The long-term goal should be to achieve “Zero Waste” while expending as little energy as possible and ensuring that little or no residue goes to long-term in-ground storage, the air, or a body of water. Incineration, even to generate electricity, should be avoided at all costs, as it destroys valuable resources, severely contaminates the air, and produces massive quantities of greenhouse gases. Manufacturers must be required to reduce packaging, especially petroleum based plastics, and take back products or their components that can’t be reused or recycled locally. Composting, recycling, reuse, and repurchasing programs must be generated to cover all of our resources. When energy and resources are scarce or no longer attainable, nothing will go to waste.
 In a recent two-month period, the amount of domestic waste generated in the US dropped by 3 percent. This reflects the recent sharp decline in the economy and the subsequent drop in consumption as peoples’ purchasing ability declined.
 One serious obstacle to many alternative waste disposal systems is that existing housing codes, building codes, and zoning laws are historically conservative, based on long-standing public health practices and traditionally difficult to change. The pressures induced by energy descent should, in the long run, hasten change.

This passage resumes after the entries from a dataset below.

Lemma strongly_convex_argmin_dist d (S : blk d -> Prop) tau (h : blk d -> R)
  (gh : blk d -> blk d) (rl : blk d -> R) Mr (c u v : blk d) :
  0 < tau -> has_gradient_at dotd subd h gh v -> strongly_convex_on S tau h ->
  convex_fun rl -> (forall g, is_subgradient rl v g -> normd g <= Mr) -> S u -> S v ->
  h u + dotd c (subd u v) + rl u <= h v + rl v ->
  normd (subd u v) <= 2 * (normd (fun k => gh v k + c k) + Mr) / tau.
Proof.
move=> Htau Hgrad Hsc Hrl HMr Su Sv Hopt.
set w := subd u v; set rho := normd w; set G := normd (fun k => gh v k + c k).
have rho0 : 0 <= rho := normd_ge0 w.
have [g Hg] := convex_subgradient_exists v Hrl.
have Hr : rl v - Mr * rho <= rl u.
  have := Hg u; have := dotd_ge_neg_norm g w; have := HMr g Hg.
  have := normd_ge0 g; rewrite -/w -/rho; nra.
have Hh := strongly_convex_first_order (Rlt_le _ _ Htau) Hgrad Hsc Su Sv.
have HG := dotd_ge_neg_norm (fun k => gh v k + c k) w; rewrite dotd_add_l -/rho -/G in HG.
have Hq : tau / 2 * rho ^ 2 <= (G + Mr) * rho by rewrite -/w -/rho in Hh Hopt; lra.
have HG0 : 0 <= G + Mr.
  by apply: Rplus_le_le_0_compat; [apply: normd_ge0 | apply: Rle_trans (normd_ge0 g) (HMr g Hg)].
case: (Req_dec rho 0) => [-> | Hrho].
  by apply: Rmult_le_pos; [lra | apply: Rlt_le; apply: Rinv_0_lt_compat].
apply: (Rmult_le_reg_r tau) => //; rewrite /Rdiv Rmult_assoc Rinv_l; last lra.
apply: (Rmult_le_reg_r rho); first lra.
nra.
Qed.

Lemma finite_bound_R (I : finType) (P : I -> R -> Prop) :
  (forall i M M', M <= M' -> P i M -> P i M') -> (forall i, exists M, P i M) ->
  exists M, 0 <= M /\ forall i, P i M.
Proof.
move=> Hmono Hex.
suff [M [HM0 HM]] : exists M, 0 <= M /\ forall i, i \in enum I -> P i M.
  by exists M; split => // i; apply: HM; rewrite mem_enum.
elim: (enum I) => [|a s [M [HM0 HM]]]; first by exists 0; split; [lra|].
have [Ma HMa] := Hex a.
exists (Rmax Ma M); split; first by apply: Rle_trans HM0 (Rmax_r _ _).
move=> i; rewrite inE => /orP [/eqP ->|Hi]; first by apply: Hmono HMa; apply: Rmax_l.
by apply: Hmono (HM i Hi); apply: Rmax_r.
Qed.

Lemma finite_bound_nat (I : finType) (P : I -> nat -> Prop) :
  (forall i M M', (M <= M')%nat -> P i M -> P i M') -> (forall i, exists M, P i M) ->
  exists M, forall i, P i M.
Proof.
move=> Hmono Hex.
suff [M HM] : exists M, forall i, i \in enum I -> P i M.
  by exists M => i; apply: HM; rewrite mem_enum.
elim: (enum I) => [|a s [M HM]]; first by exists 0%nat.
have [Ma HMa] := Hex a.
exists (maxn Ma M) => i; rewrite inE => /orP [/eqP ->|Hi].
  by apply: Hmono HMa; apply: leq_maxl.
by apply: Hmono (HM i Hi); apply: leq_maxr.
Qed.

Definition fmax (I : finType) (i0 : I) (f : I -> R) : R :=
  foldr (fun i m => Rmax (f i) m) (f i0) (enum I).
Definition fmin (I : finType) (i0 : I) (f : I -> R) : R := - fmax i0 (fun i => - f i).

Lemma fmax_ge (I : finType) (i0 : I) (f : I -> R) i : f i <= fmax i0 f.
Proof.
rewrite /fmax; have : i \in enum I by rewrite mem_enum.
elim: (enum I) => [//|a s IH]; rewrite inE => /orP [/eqP ->|Hi] /=; first exact: Rmax_l.
by apply: Rle_trans (IH Hi) _; apply: Rmax_r.
Qed.

Lemma fmax_attained (I : finType) (i0 : I) (f : I -> R) : exists j, fmax i0 f = f j.
Proof.
rewrite /fmax; elim: (enum I) => [|a s [j Hj]] /=; first by exists i0.
rewrite Hj; case: (Rle_dec (f a) (f j)) => h; first by exists j; rewrite Rmax_right.
by exists a; rewrite Rmax_left //; lra.
Qed.

Lemma fmin_le (I : finType) (i0 : I) (f : I -> R) i : fmin i0 f <= f i.
Proof. by rewrite /fmin; have := fmax_ge i0 (fun i => - f i) i; lra. Qed.

Lemma fmin_attained (I : finType) (i0 : I) (f : I -> R) : exists j, fmin i0 f = f j.
Proof. by have [j Hj] := fmax_attained i0 (fun i => - f i); exists j; rewrite /fmin Hj; ring. Qed.

(** * Information flow in the time-varying graphs *)

Section Propagation.
Variables (N B : nat) (E : rel 'I_N) (sel : nat -> 'I_N -> 'I_B) (l : 'I_B) (T : nat).
Hypothesis HE : strongly_connected E.
Hypothesis HT : forall i t, exists tau, (tau < T)%nat /\ sel (t + tau)%nat i = l.

Lemma inNil_self s i : inNil E sel s i l i.
Proof. by rewrite /inNil eqxx orbT. Qed.

(* Each agent keeps its own value, and an edge j -> i carries block l within T
   steps since j selects l at least once in every window of length T; following
   a shortest path, everything is reached after N * T steps. *)
Lemma propagates_everywhere t j0 (Q : nat -> 'I_N -> Prop) :
  Q t j0 ->
  (forall s i j, (t <= s)%nat -> Q s j -> inNil E sel s i l j -> Q s.+1 i) ->
  forall i, Q (t + N * T)%nat i.
Proof.
move=> Q0 Hstep.
have persist k s i : (t <= s)%nat -> Q s i -> Q (s + k)%nat i.
  elim: k s => [s _ H|k IH s Hs H]; first by rewrite addn0.
  rewrite addnS; apply: (Hstep _ _ i); [lia | exact: IH | exact: inNil_self].
have along_edge s i j : (t <= s)%nat -> Q s j -> E j i -> Q (s + T)%nat i.
  move=> Hs Hj Eji; have [tau [Htau Hsel]] := HT j s.
  have H2 : Q (s + tau).+1 i.
    apply: (Hstep _ _ j); [lia | exact: persist | by rewrite /inNil Eji Hsel eqxx].
  have -> : (s + T = (s + tau).+1 + (T - tau.+1))%nat by lia.
  by apply: persist => //; lia.
have along_path p j s : (t <= s)%nat -> Q s j -> path E j p -> Q (s + size p * T)%nat (last j p).
  elim: p j s => [|a p IH] j s Hs Hj /=; first by rewrite mul0n addn0.
  move=> /andP [Eja Hp].
  by have := IH a (s + T)%nat (ltac:(lia)) (along_edge _ _ _ Hs Hj Eja) Hp; rewrite mulSn addnA.
move=> i; have /connectP [p Hp ->] := HE j0 i.
case: (shortenP Hp) => p' Hp' Hu _.
have Hsz : (size p' < N)%nat.
  have := uniq_leq_size (s2 := enum 'I_N) Hu (fun x _ => mem_enum _ x).
  by rewrite size_enum_ord.
have := along_path p' j0 t (leqnn t) Q0 Hp'.
have -> : (t + N * T = (t + size p' * T) + (N - size p') * T)%nat.
  by rewrite -addnA -mulnDl subnKC // ltnW.
by move=> H; apply: persist => //; lia.
Qed.
End Propagation.

(** * Perturbed consensus *)

Lemma bigR_convex_sub (I : finType) (P : pred I) (w v : I -> R) c :
  \big[Rplus/0]_(j | P j) w j = 1 ->
  \big[Rplus/0]_(j | P j) (w j * v j) - c = \big[Rplus/0]_(j | P j) (w j * (v j - c)).
Proof.
move=> H1; rewrite [RHS](eq_bigr (fun j => w j * v j - w j * c)); last by move=> j _; ring.
by rewrite bigR_sub -bigR_mull H1 Rmult_1_l.
Qed.

Section PerturbedConsensus.
Variables (N : nat) (i0 : 'I_N) (P : nat -> 'I_N -> 'I_N -> bool)
  (w : nat -> 'I_N -> 'I_N -> R) (v e : nat -> 'I_N -> R) (eb : nat -> R) (eps : R) (T0 : nat).
Hypothesis w_sum1 : forall s i, \big[Rplus/0]_(j | P s i j) w s i j = 1.
Hypothesis w_ge_eps : forall s i j, P s i j -> eps <= w s i j.
Hypothesis eps_01 : 0 < eps <= 1.
Hypothesis v_step : forall s i,
  v s.+1 i = \big[Rplus/0]_(j | P s i j) (w s i j * (v s j + e s j)).
Hypothesis e_bound : forall s j, Rabs (e s j) <= eb s.
Hypothesis propagation : forall t j0 (Q : nat -> 'I_N -> Prop), Q t j0 ->
  (forall s i j, (t <= s)%nat -> Q s j -> P s i j -> Q s.+1 i) -> forall i, Q (t + T0)%nat i.

Definition vmax s := fmax i0 (v s).
Definition vmin s := fmin i0 (v s).
Definition spread s := vmax s - vmin s.

Lemma Rabs_sub_le_spread s i j : Rabs (v s i - v s j) <= spread s.
Proof.
rewrite /spread /vmax /vmin; apply: Rabs_le.
by have := fmax_ge i0 (v s) i; have := fmax_ge i0 (v s) j;
   have := fmin_le i0 (v s) i; have := fmin_le i0 (v s) j; lra.
Qed.

Lemma spread_ge0 s : 0 <= spread s.
Proof. by have := Rabs_sub_le_spread s i0 i0; have := Rabs_pos (v s i0 - v s i0); lra. Qed.

Lemma w_ge0 s i j : P s i j -> 0 <= w s i j.
Proof. by move=> H; have := w_ge_eps H; lra. Qed.

Lemma vmax_step s : vmax s.+1 <= vmax s + eb s.
Proof.
rewrite {1}/vmax; have [j ->] := fmax_attained i0 (v s.+1); rewrite v_step.
apply: bigR_convex_le => [k /w_ge0 // | // | k _].
by have := fmax_ge i0 (v s) k; have := Rle_abs (e s k); have := e_bound s k; rewrite /vmax; lra.
Qed.

Lemma vmin_step s : vmin s - eb s <= vmin s.+1.
Proof.
rewrite {2}/vmin; have [j ->] := fmin_attained i0 (v s.+1); rewrite v_step.
apply: bigR_convex_ge => [k /w_ge0 // | // | k _].
have := fmin_le i0 (v s) k; have := Rle_abs (- e s k); have := e_bound s k.
by rewrite Rabs_Ropp /vmin; lra.
Qed.

Lemma spread_step s : spread s.+1 <= spread s + 2 * eb s.
Proof. by have := vmax_step s; have := vmin_step s; rewrite /spread; lra. Qed.

Definition drift t k := \big[Rplus/0]_(u < k) eb (t + u)%nat.

Lemma drift_S t k : drift t k.+1 = drift t k + eb (t + k)%nat.
Proof. by rewrite /drift big_ord_recr. Qed.

Lemma vmax_drift t k : vmax (t + k)%nat <= vmax t + drift t k.
Proof.
elim: k => [|k IH]; first by rewrite addn0 /drift big_ord0; lra.
by rewrite addnS drift_S; have := vmax_step (t + k); lra.
Qed.

Lemma vmin_drift t k : vmin t - drift t k <= vmin (t + k)%nat.
Proof.
elim: k => [|k IH]; first by rewrite addn0 /drift big_ord0; lra.
by rewrite addnS drift_S; have := vmin_step (t + k); lra.
Qed.

(* The excess of v over the drifting lower bound [vmin t - drift t k] is
   passed on with a factor at least eps along every edge used at step t + k. *)
Lemma excess_step t k i j : P (t + k)%nat i j ->
  eps ^ k * spread t <= v (t + k)%nat j - (vmin t - drift t k) ->
  eps ^ k.+1 * spread t <= v (t + k).+1 i - (vmin t - drift t k.+1).
Proof.
move=> Pij Hj.
have excess_ge0 j1 :
    0 <= v (t + k)%nat j1 + e (t + k)%nat j1 - (vmin t - drift t k - eb (t + k)%nat).
  have := vmin_drift t k; have := fmin_le i0 (v (t + k)%nat) j1.
  have := Rle_abs (- e (t + k)%nat j1); have := e_bound (t + k)%nat j1.
  by rewrite Rabs_Ropp /vmin; lra.
rewrite v_step drift_S.
have -> : vmin t - (drift t k + eb (t + k)%nat) = vmin t - drift t k - eb (t + k)%nat by ring.
rewrite bigR_convex_sub //.
apply: Rle_trans (bigR_term_le _ Pij); last first.
  by move=> j1 Pj1; apply: Rmult_le_pos; [exact: w_ge0 | exact: excess_ge0].
have := w_ge_eps Pij; have := excess_ge0 j; have := pow_le eps k (ltac:(lra)).
have := spread_ge0 t; have := Rle_abs (- e (t + k)%nat j); have := e_bound (t + k)%nat j.
rewrite Rabs_Ropp /=; nra.
Qed.

Lemma spread_contracts t : spread (t + T0)%nat <= (1 - eps ^ T0) * spread t + 2 * drift t T0.
Proof.
have [j0 Hj0] := fmax_attained i0 (v t).
pose Q s i := exists k, s = (t + k)%nat /\ eps ^ k * spread t <= v s i - (vmin t - drift t k).
have Q0 : Q t j0.
  by exists 0%nat; rewrite addn0 /drift big_ord0 -Hj0 /spread /vmax /=; split => //; lra.
have [imin Himin] := fmin_attained i0 (v (t + T0)%nat).
have [k [Hk Hq]] : Q (t + T0)%nat imin.
  apply: (propagation Q0) => s i j _ [k [-> Hk]] Pij.
  by exists k.+1; split; [rewrite addnS | exact: excess_step Pij Hk].
have HkT0 : k = T0 by lia.
rewrite HkT0 -Himin -/(vmin _) in Hq.
have : spread (t + T0)%nat = vmax (t + T0)%nat - vmin (t + T0)%nat by [].
have : spread t = vmax t - vmin t by [].
by have := vmax_drift t T0; lra.
Qed.
End PerturbedConsensus.

(** * Series with nonnegative terms *)

Definition summable (u : nat -> R) := exists s, Un_cv (psum u) s.

Lemma psum_S u n : psum u n.+1 = psum u n + u n.+1.
Proof. by []. Qed.

Lemma psum_le (u v : nat -> R) n : (forall t, u t <= v t) -> psum u n <= psum v n.
Proof.
move=> H; elim: n => [|n IH]; first exact: H.
by rewrite !psum_S; have := H n.+1; lra.
Qed.

Lemma psum_ge0 (u : nat -> R) n : (forall t, 0 <= u t) -> 0 <= psum u n.
Proof. by move=> H; apply: Rle_trans (psum_le n H); elim: n => [|n IH] //=; lra. Qed.

Lemma psum_mono (u : nat -> R) m n :
  (forall t, 0 <= u t) -> (m <= n)%nat -> psum u m <= psum u n.
Proof.
move=> H /subnK <-; elim: (n - m)%nat => [|k IH]; first by rewrite add0n; lra.
by rewrite addSn psum_S; have := H (k + m).+1; lra.
Qed.

Lemma psum_scal c (u : nat -> R) n : psum (fun t => c * u t) n = c * psum u n.
Proof. by elim: n => [|n IH] //; rewrite !psum_S IH; ring. Qed.

Lemma psum_add (u v : nat -> R) n : psum (fun t => u t + v t) n = psum u n + psum v n.
Proof. by elim: n => [|n IH] //; rewrite !psum_S IH; ring. Qed.

Lemma psum_shift (u : nat -> R) P m :
  psum u (m + P.+1)%nat = psum u P + psum (fun t => u (t + P.+1)%nat) m.
Proof.
elim: m => [|m IH]; first by rewrite add0n psum_S.
by rewrite addSn psum_S IH psum_S /= addSn; ring.
Qed.

Lemma summable_of_bounded (u : nat -> R) M :
  (forall t, 0 <= u t) -> (forall n, psum u n <= M) -> summable u.
Proof.
move=> H HM.
have Hgrow : Un_growing (psum u) by move=> n; rewrite psum_S; have := H n.+1; lra.
have Hub : has_ub (psum u) by exists M => _ [n ->].
by have [s Hs] := growing_cv (psum u) Hgrow Hub; exists s.
Qed.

 As with some animal wastes, human byproducts can be heavily contaminated with various synthetic chemicals, some of which are cause for concern. Antibiotics, from human waste and domestic animals — pets and non-organically raised farm animals — are problematic, since they increase the resistance of pathogenic bacteria to traditional antibiotic treatment. Some chemicals in a wide variety of consumer products, especially from cosmetics and drugs, are estrogen mimickers that cause deleterious genetic/developmental changes in a variety of organisms. This will be less of a problem as energy descent proceeds, but is of some concern for the short-run disposal of human wastes to the environment. Regardless of how the wastes are treated before being released, many of these chemicals are not caught by the standard sewage treatment process, let alone the septic tank or compost pile.
 Great care must be taken with the reclamation, reuse, and recycling of construction debris. Asbestos, lead, and other heavy metals in paints, glazes, glass, and finishes, acidic and alkaline materials, etc. can be hazardous, varying from simple skin irritants to outright poisons. Some materials, such as clean, untreated wood free of paints and other treatments, can be ground and used as “browns” in composting operations. Similarly, ground sheetrock is widely reformulated as agricultural gypsum.